Fourier Transform 2 Real Functions with 1 DFT

First we recall the symmetry properties of the DFT. The DFT of $x[m]=x_r[m]+jx_i[m]$ is defined as

$$X[n] = \sum_{m=0}^{N-1} x[m]e^{-j2\pi mn/N}=\sum_{m=0}^{N-1} [x_r[m]+jx_i[m]] [cos(2\pi mn/N)-j\;sin(2\pi mn/N)]$$

$$= \sum_{m=0}^{N-1} [x_r[m]cos(\frac{2\pi mn}{N})+x_i[m]sin(\frac{2\... ... +j\sum_{m=0}^{N-1} [x_i[m]cos(\frac{2\pi mn}{N})-x_r[m]sin(\frac{2\pi mn}{N})]$$

$$= X_r[n]+jX_i[n]$$

where $X_r[n]$ and $X_i[n]$ are the real and imaginary part of the spectrum respectively. If $x[m]$ is real, i.e., $x_i[m] \equiv 0$, then we have

$$\left\{ \begin{array}{c} X_r[-n]=X_r[n] X_i[-n]=-X_i[n] \end{array} \right.$$

or

$$X[-n]=X_r[-n]+jX_i[-n]=X_r[n]-jX_i[n]=X^*[n]$$

If $x[m]$ is imaginary, i.e., $x_r[m] \equiv 0$, then we have

$$\left\{ \begin{array}{c} X_r[-n]=-X_r[n] X_i[-n]=X_i[n] \end{array} \right.$$

or

$$X[-n]=X_r[-n]+jX_i[-n]=-X_r[n]+jX_i[n]=-X^*[n]$$

Next we show how an arbitrary function $f(x)$ can be decomposed into the even and odd components $f_e(x)$ and $f_o(x)$:

$$\left\{ \begin{array}{c} f_e(x)=(f(x)+f(-x))/2=f_e(-x) f_o(x)=(f(x)-f(-x))/2=-f_o(-x) \end{array} \right.$$

and

$$f_e(x)+f_o(x)=f(x)$$

Now we are ready to show how to Fourier transform two real functions $x_1[m]$ and $x_2(m)$ to get their spectra $X_1[n]$ and $X_2[n]$ by one DFT.

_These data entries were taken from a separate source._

Definition comp_pre (A : finType) (k : nat)
    (lab : nat -> {ffun 'I_k -> option A}) (i : 'I_k) (n : nat) : seq A :=
  pmap id [seq lab m i | m <- iota 0 n].

Definition comp_is (A : finType) (k : nat)
    (lab : nat -> {ffun 'I_k -> option A}) (i : 'I_k) (x : word A) : Prop :=
  (forall N, exists n, (N <= size (comp_pre lab i n))%N) /\
  (forall n, comp_pre lab i n = mkseq x (size (comp_pre lab i n))).

Definition accepting_run (A : finType) (k : nat) (T : automaton A k)
    (st : nat -> state T) (lab : nat -> {ffun 'I_k -> option A})
    (xs : 'I_k -> word A) : Prop :=
  is_run st lab /\ forall i, comp_is lab i (xs i).

Arguments accepting_run {A k} T st lab xs.

Definition accepts (A : finType) (k : nat) (T : automaton A k)
    (xs : 'I_k -> word A) : Prop :=
  exists st lab, accepting_run T st lab xs.

Definition deterministic (A : finType) (k : nat) (l : nat)
    (T : automaton A k) : Prop :=
  (exists q0 : state T, forall q, init T q = (q == q0)) /\
  forall p a q a' q', trans T p a q -> trans T p a' q' ->
    (forall j : 'I_k, (j < l)%N -> a j = None -> a' j = None) /\
    ((forall j : 'I_k, (j < l)%N -> a j = a' j) ->
       (forall j : 'I_k, (l <= j)%N -> a j = a' j) /\ q = q').

Definition words2 (A : finType) (x y : word A) (i : 'I_2) : word A :=
  if val i == 0%N then x else y.
Definition words3 (A : finType) (z y w : word A) (i : 'I_3) : word A :=
  match val i with 0 => z | 1 => y | _ => w end.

1. Define a complex function $x[m]$ by the two real functions:
   
   $$x[m] \stackrel{\triangle}{=}x_1[m]+jx_2[m]$$
   
   
   Notice here that we impose $j$ on $x_2[m]$ to make it imaginary.
2. Find the DFT of $x[m]$
   
   $$DFT[x[m]]=X[n]=X_r[n]+jX_i[n]$$
   
   

3. Separate $X[n]$ into $X_1[n]$ and $X_2[n]$, the spectra of $x_1[m]$ and $x_2[m]$, using the symmetry properties discussed previously.
   • Since $x_1[m]$ is real, the real part of its spectrum $X_1[n]$ is the even component of $X_r[n]$ and the imaginary part of $X_1[n]$ is the odd component of $X_i[n]$, i.e.,
     
     $$X_1[n]=X_{1r}[n]+jX_{1i}[n]=\frac{X_r[n]+X_r[-n]}{2} +j\frac{X_i[n]-X_i[-n]}{2}$$
     
     

   • Since $jx_2[m]$ is imaginary, the real part of its spectrum $jX_2[n]$ is the odd component of $X_r[n]$ and the imaginary part of $jX_2[n]$ is the even component of $X_i[n]$, i.e.,
     
     $$jX_2[n]=j[X_{2r}[n]+jX_{2i}[n]]=\frac{X_r[n]-X_r[-n]}{2} +j\frac{X_i[n]+X_i[-n]}{2}$$
     
     
     Dividing both sides by $j$, we get
     
     $$X_2[n]=X_{2r}[n]+jX_{2i}[n]=\frac{X_i[n]+X_i[-n]}{2} -j\frac{X_r[n]-X_r[-n]}{2}$$
     
     

   Note that $X[-n]=X[N-n]$ because $X[n]$ is a periodic function.